1. **n_estimators: 100**
   - **Definition**: This parameter specifies the number of trees in the Random Forest.
   - **Effect**: More trees generally lead to better performance and more robust predictions, as the model can capture more complex patterns in the data. However, increasing the number of trees also increases the computational cost.
   - **Reason for Choosing 100**: A value of 100 is a common choice because it balances performance and computational efficiency. It provides a good level of accuracy without being excessively computationally expensive.

2. **min_samples_split: 2**
   - **Definition**: This parameter specifies the minimum number of samples required to split an internal node.
   - **Effect**: A smaller value allows the model to split nodes more frequently, potentially capturing more detailed patterns in the data. However, it can also lead to overfitting if the value is too small.
   - **Reason for Choosing 2**: A value of 2 is the smallest possible value, allowing the model to split nodes as long as there are at least two samples.
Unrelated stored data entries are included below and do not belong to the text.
Definition path_pairs (T : Type) (p : seq T) : seq (T * T) := zip p (behead p).

From mathcomp Require Import all_boot.
Set Implicit Arguments. Unset Strict Implicit. Unset Printing Implicit Defensive.

(* Restricting a Hamiltonian cycle H to S_6 gives a set of S_6-edges in which
   every vertex has degree at most 2, and every vertex other than the twelve
   terminals has degree exactly 2, since both of its H-neighbours lie in S_6.
   A branch-and-bound enumeration over the 42 edges of S_6, pruning as soon as
   a vertex whose edges are all decided violates these degree constraints,
   shows that such an edge set is either one of the six Hamiltonian
   i_k-o_k paths of S_6 or contains a cycle made of degree-2 vertices.  The
   latter is impossible: that cycle would be closed under the successor map of
   H, hence would be all of H, which also visits a vertex outside S_6. *)

Lemma mask_cat_drop (T : Type) (y z : bitseq) (s : seq T) :
  mask (y ++ z) s = mask y s ++ mask z (drop (size y) s).
Proof. by elim: y s => [|b y IHy] [|x s] //=; [rewrite mask0 | case: b; rewrite IHy]. Qed.

Lemma count_or_disjoint (T : eqType) (a1 a2 : pred T) (s : seq T) :
  {in s, forall x, ~~ (a1 x && a2 x)} ->
  count (fun x => a1 x || a2 x) s = count a1 s + count a2 s.
Proof.
move=> disj; rewrite -count_predUI (@eq_in_count _ (predI a1 a2) pred0) ?count_pred0 ?addn0 //.
by move=> x /disj /negbTE.
Qed.

Lemma count_pairs_fst (T : eqType) (vs : seq T) (s : seq (T * T)) (P : pred T) v :
  uniq vs -> uniq s -> (forall b, (v, b) \in s -> b \in vs) ->
  count (fun ab => (ab.1 == v) && P ab.2) s = count (fun b => ((v, b) \in s) && P b) vs.
Proof.
move=> vs_uniq s_uniq s_vs; rewrite -!size_filter -(size_map snd).
apply/perm_size/uniq_perm; last 1 first.
- move=> b; rewrite mem_filter; apply/mapP/andP => [[[a b']] | [/andP[vb Pb] b_in]].
    by rewrite mem_filter /= => /andP[/andP[/eqP-> Pb'] vb'] ->; rewrite vb' Pb' s_vs.
  by exists (v, b); rewrite // mem_filter /= eqxx Pb.
- rewrite map_inj_in_uniq ?filter_uniq // => -[a1 b1] [a2 b2].
  by rewrite !mem_filter /= => /andP[/andP[/eqP-> _] _] /andP[/andP[/eqP-> _] _] ->.
- exact: filter_uniq.
Qed.

Lemma zip_map_pair (T U : Type) (g : T -> U) (s t : seq T) :
  zip (map g s) (map g t) = map (fun ab => (g ab.1, g ab.2)) (zip s t).
Proof. by elim: s t => [|x s IHs] [|y t] //=; rewrite IHs. Qed.

Lemma card_count_enum (T : finType) (P : pred T) : #|P| = count P (enum T).
Proof. by rewrite enumT cardE /enum_mem size_filter. Qed.

Lemma card_preim (T T' : finType) (f : T -> T') (P : pred T') :
  injective f -> #|[pred x | P (f x)]| = #|[predI P & codom f]|.
Proof.
move=> f_inj; rewrite -(card_image f_inj); apply: eq_card => y; rewrite !inE.
apply/imageP/andP => [[x Px ->] | [Py /codomP[x y_fx]]]; first by rewrite codom_f.
by exists x; rewrite // inE -y_fx.
Qed.

Definition path_rel (T : eqType) (p : seq T) : rel T :=
  fun a b => ((a, b) \in path_pairs p) || ((b, a) \in path_pairs p).

Lemma path_rel_sym (T : eqType) (p : seq T) : symmetric (path_rel p).
Proof. by move=> a b; rewrite /path_rel orbC. Qed.

Lemma path_rel_map (T U : eqType) (g : T -> U) (p : seq T) : injective g ->
  forall a b, path_rel (map g p) (g a) (g b) = path_rel p a b.
Proof.
move=> g_inj a b; have gg_inj : injective (fun ab : T * T => (g ab.1, g ab.2)).
  by move=> [? ?] [? ?] [/g_inj-> /g_inj->].
by rewrite /path_rel /path_pairs behead_map zip_map_pair !(mem_map gg_inj _ (_, _)).
Qed.

Lemma path_rel_sub (T : eqType) (e : rel T) (p : seq T) : symmetric e ->
  all (fun ab => e ab.1 ab.2) (path_pairs p) -> subrel (path_rel p) e.
Proof. by move=> e_sym /allP p_e a b /orP[] /p_e //=; rewrite e_sym. Qed.

Section BranchAndBound.

Variables (prune leaf : seq bool -> bool).
Hypothesis prune_cat : forall s t, prune s -> prune (s ++ t).

(* [if] rather than [||]: the VM evaluates both arguments of [orb]. *)
Fixpoint search (s : seq bool) (n : nat) : bool :=
  if prune s then true
  else if n is n'.+1 then search (rcons s false) n' && search (rcons s true) n'
  else leaf s.

Lemma searchP n s t : search s n -> size t = n -> ~~ prune (s ++ t) -> leaf (s ++ t).
Proof.
elim: n s t => [|n IHn] s [|b t] //=; case: ifP => [/prune_cat-> //|_].
- by rewrite cats0.
- move=> /andP[search0 search1] [size_t]; rewrite -cat_rcons.
  by case: b; [apply: IHn search1 _ | apply: IHn search0 _].
Qed.

End BranchAndBound.

Section EdgeSelection.

Variables (T : eqType) (vs : seq T) (es : seq (T * T)) (terminal : pred T).

Definition edge_rel : rel T := fun a b => ((a, b) \in es) || ((b, a) \in es).

Definition selection (E : rel T) : seq bool := [seq E ab.1 ab.2 | ab <- es].

(* A prefix [y] of a bit vector indexed by [es] selects the edges [mask y es];
   a vertex is [decided] once all its incident edges lie within the prefix. *)
Definition selected (y : seq bool) : rel T :=
  fun a b => ((a, b) \in mask y es) || ((b, a) \in mask y es).

Definition incident (v : T) (ab : T * T) : bool := (ab.1 == v) || (ab.2 == v).

Definition degree (y : seq bool) (v : T) : nat := count (incident v) (mask y es).

Definition decided (y : seq bool) (v : T) : bool := ~~ has (incident v) (drop (size y) es).

Definition degree_ok (y : seq bool) (v : T) : bool :=
  (degree y v <= 2) && (terminal v || (degree y v == 2)).

Definition refuted (y : seq bool) : bool := has (fun v => decided y v && ~~ degree_ok y v) vs.

Definition closed_selection (y : seq bool) (S : seq T) : bool :=
  [&& S != [::], all (fun b => degree y b == 2) S &
      all (fun ab => (ab.1 \in S) == (ab.2 \in S)) (mask y es)].

(* Only a candidate for [closed_selection], which re-checks it. *)
Fixpoint closed_core (y : seq bool) (n : nat) (S : seq T) : seq T :=
  if n is n'.+1 then
    let S' := [seq b <- S | all (fun ab => incident b ab ==> (ab.1 \in S) && (ab.2 \in S))
                                (mask y es)] in
    if S' == S then S else closed_core y n' S'
  else S.

Definition linkage_leaf (paths : seq (seq T)) (y : seq bool) : bool :=
  (y \in [seq selection (path_rel p) | p <- paths]) ||
  closed_selection y (closed_core y (size vs) [seq b <- vs | degree y b == 2]).

End EdgeSelection.

Section EdgeSelectionTheory.

Variables (T : eqType) (vs : seq T) (es : seq (T * T)) (terminal : pred T).

Lemma decided_cat y z v : decided es y v -> decided es (y ++ z) v.
Proof.
apply: contra => /hasP[ab ab_in incid]; apply/hasP; exists ab => //.
by move: ab_in; rewrite size_cat addnC -drop_drop => /mem_drop.
Qed.

Lemma degree_cat y z v : decided es y v -> degree es (y ++ z) v = degree es y v.
Proof.
move=> dec_v; rewrite /degree mask_cat_drop count_cat.
suff -> : count (incident v) (mask z (drop (size y) es)) = 0 by rewrite addn0.
apply/eqP; rewrite -leqn0 leqNgt -has_count; apply: contra dec_v.
by case/hasP=> ab /mem_mask ab_in incid; apply/hasP; exists ab.
Qed.

Lemma refuted_cat y z : refuted vs es terminal y -> refuted vs es terminal (y ++ z).
Proof.
case/hasP=> v v_in /andP[dec_v bad_v]; apply/hasP; exists v => //.
by rewrite decided_cat //= /degree_ok degree_cat.
Qed.

Lemma edge_rel_sym : symmetric (edge_rel es).
Proof. by move=> a b; rewrite /edge_rel orbC. Qed.

Lemma mem_mask_selection E ab : (ab \in mask (selection es E) es) = E ab.1 ab.2 && (ab \in es).
Proof. by rewrite -filter_mask mem_filter. Qed.

Lemma selected_selection E : symmetric E ->
  forall a b, selected es (selection es E) a b = E a b && edge_rel es a b.
Proof. by move=> E_sym a b; rewrite /selected !mem_mask_selection /= (E_sym b a) -andb_orr. Qed.

Lemma closed_selectionP y S b b' :
  closed_selection es y S -> b \in S -> selected es y b b' -> b' \in S.
Proof.
case/and3P=> _ _ /allP closed b_in /orP[] /closed /eqP /=; first by rewrite b_in => <-.
by rewrite b_in => ->.
Qed.

Hypotheses (vs_uniq : uniq vs) (es_uniq : uniq es).
Hypothesis es_oriented : forall a b, (a, b) \in es -> (b, a) \notin es.
Hypothesis es_in_vs : forall a b, (a, b) \in es -> (a \in vs) && (b \in vs).

Lemma degree_selection E v : symmetric E ->
  degree es (selection es E) v = count (fun b => E v b && edge_rel es v b) vs.
Proof.
move=> E_sym; pose flip (ab : T * T) := (ab.2, ab.1).
have flip_inj : injective flip by move=> [? ?] [? ?] [-> ->].
have mem_flip a b : ((a, b) \in map flip es) = ((b, a) \in es).
  by rewrite -(mem_map flip_inj es (b, a)).
have no_loop a : (a, a) \notin es by apply/negP => /[dup] /es_oriented/negP.
rewrite /degree -filter_mask count_filter.
(* Split the selected edges at [v] by the side [v] is on, then count each half
   by its other endpoint; orientation keeps the two halves disjoint. *)
transitivity (count (fun ab => ((ab.1 == v) && E v ab.2) || ((ab.2 == v) && E v ab.1)) es).
  apply: eq_count => -[a b]; rewrite /= /incident /=.
  by case: (a =P v) => [->|_]; case: (b =P v) => [->|_]; rewrite ?orbb ?orbF ?(E_sym a).
rewrite count_or_disjoint; last first.
  move=> [a b] ab_in; apply/negP => /andP[/andP[/= /eqP av _] /andP[/= /eqP bv _]].
  by move: ab_in; rewrite /= av bv (negbTE (no_loop v)).
rewrite -[X in _ + X](count_map flip (fun ab => (ab.1 == v) && E v ab.2)).
rewrite !(@count_pairs_fst _ vs) ?(map_inj_uniq flip_inj) //; first last.
- by move=> b; rewrite mem_flip => /es_in_vs/andP[].
- by move=> b /es_in_vs/andP[].
rewrite -count_or_disjoint; last first.
  by move=> b _; rewrite mem_flip; apply/negP => /and3P[/andP[/es_oriented/negP]].
by apply: eq_count => b; rewrite mem_flip -andb_orl andbC.
Qed.

Lemma linkage_cases (paths : seq (seq T)) (E : rel T) :
  search (refuted vs es terminal) (linkage_leaf vs es paths) [::] (size es) ->
  symmetric E -> subrel E (edge_rel es) ->
  {in vs, forall v, (count (E v) vs <= 2) && (terminal v || (count (E v) vs == 2))} ->
  (exists2 p, p \in paths & forall a b, E a b = path_rel p a b && edge_rel es a b) \/
  (exists2 S : seq T, S != [::] & {in S, forall b, count (E b) vs = 2 /\ {subset E b <= S}}).
Proof.
move=> searched E_sym E_sub E_deg; set y := selection es E.
have deg_y b : degree es y b = count (E b) vs.
  by rewrite degree_selection //; apply: eq_count => b'; case: (boolP (E b b')) => // /E_sub ->.
have sel_y a b : selected es y a b = E a b.
  by rewrite selected_selection //; case: (boolP (E a b)) => // /E_sub ->.
have /orP[/mapP[p p_in y_p] | closed] : linkage_leaf vs es paths y.
  apply: (searchP refuted_cat searched (t := y)); first by rewrite size_map.
  by apply/hasPn => v /E_deg ok; rewrite /degree_ok !deg_y ok andbF.
- left; exists p => // a b; rewrite -sel_y y_p selected_selection //; exact: path_rel_sym.
- right; set S := closed_core _ _ _ _ in closed; exists S; first by case/and3P: closed.
  move=> b b_in; split; first by case/and3P: closed => _ /allP/(_ b b_in)/eqP; rewrite deg_y.
  by move=> b' Ebb'; apply: closed_selectionP closed b_in _; rewrite sel_y.
Qed.

End EdgeSelectionTheory.

Section HamiltonianCycle.

Variables (V : finType) (e : rel V) (c : seq V).
Hypotheses (e_sym : symmetric e) (c_uniq : uniq c) (c_all : forall v, v \in c).
Hypotheses (c_big : 2 < size c) (c_cycle : cycle e c).

Lemma hc_edgeE x y : hc_edge c x y = (y == next c x) || (y == prev c x).
Proof.
rewrite /hc_edge c_all /= (eq_sym (next c x)); congr orb.
by apply/eqP/eqP => [<-|->]; [rewrite prev_next | rewrite next_prev].
Qed.

Lemma hc_edge_next x : hc_edge c x (next c x).
Proof. by rewrite hc_edgeE eqxx. Qed.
This can be beneficial for capturing fine-grained details in the data, especially if the dataset is large and diverse.

3. **max_features: sqrt**
   - **Definition**: This parameter specifies the number of features to consider when looking for the best split. The value 'sqrt' means the square root of the total number of features.
   - **Effect**: Using a subset of features for each split can reduce overfitting and improve generalization. The 'sqrt' option is a common heuristic that works well in practice.
   - **Reason for Choosing sqrt**: This heuristic is often effective because it balances the trade-off between capturing important features and avoiding overfitting. It ensures that the model considers a reasonable number of features without becoming too complex.

### Why This Configuration Might Be the Best

1. **Balanced Performance**:
   - **n_estimators = 100**: This provides a good balance between performance and computational cost. It ensures that the model has enough trees to capture complex patterns without being overly slow.
   - **min_samples_split = 2**: This allows the model to capture fine-grained details in the data, which can be crucial for accurate classification, especially in a dataset with diverse and complex patterns.
   - **max_features = sqrt**: This heuristic helps in reducing overfitting by considering a subset of features for each split, leading to better generalization on unseen data.

2. **Empirical Evidence**:
   - In practice, these parameter values often yield good results across a variety of datasets. The combination of a large number of trees, a low minimum sample split, and a reasonable feature subset size has been shown to work well in many machine learning competitions and real-world applications.

3. **Robustness**:
   - This configuration is robust to different types of data and can handle both large and small datasets effectively. It provides a good starting point for tuning and can be further optimized based on specific dataset characteristics.

4. **Generalization**:
   - The use of 'sqrt' for `max_features` helps in preventing the model from becoming too complex, which can lead to overfitting. This ensures that the model generalizes well to new, unseen data.

### Conclusion

The configuration `n_estimators: 100, min_samples_split: 2, max_features: sqrt` is the best one because it balances performance, computational efficiency, and generalization. It captures complex patterns in the data while avoiding overfitting, making it a robust choice for many classification tasks.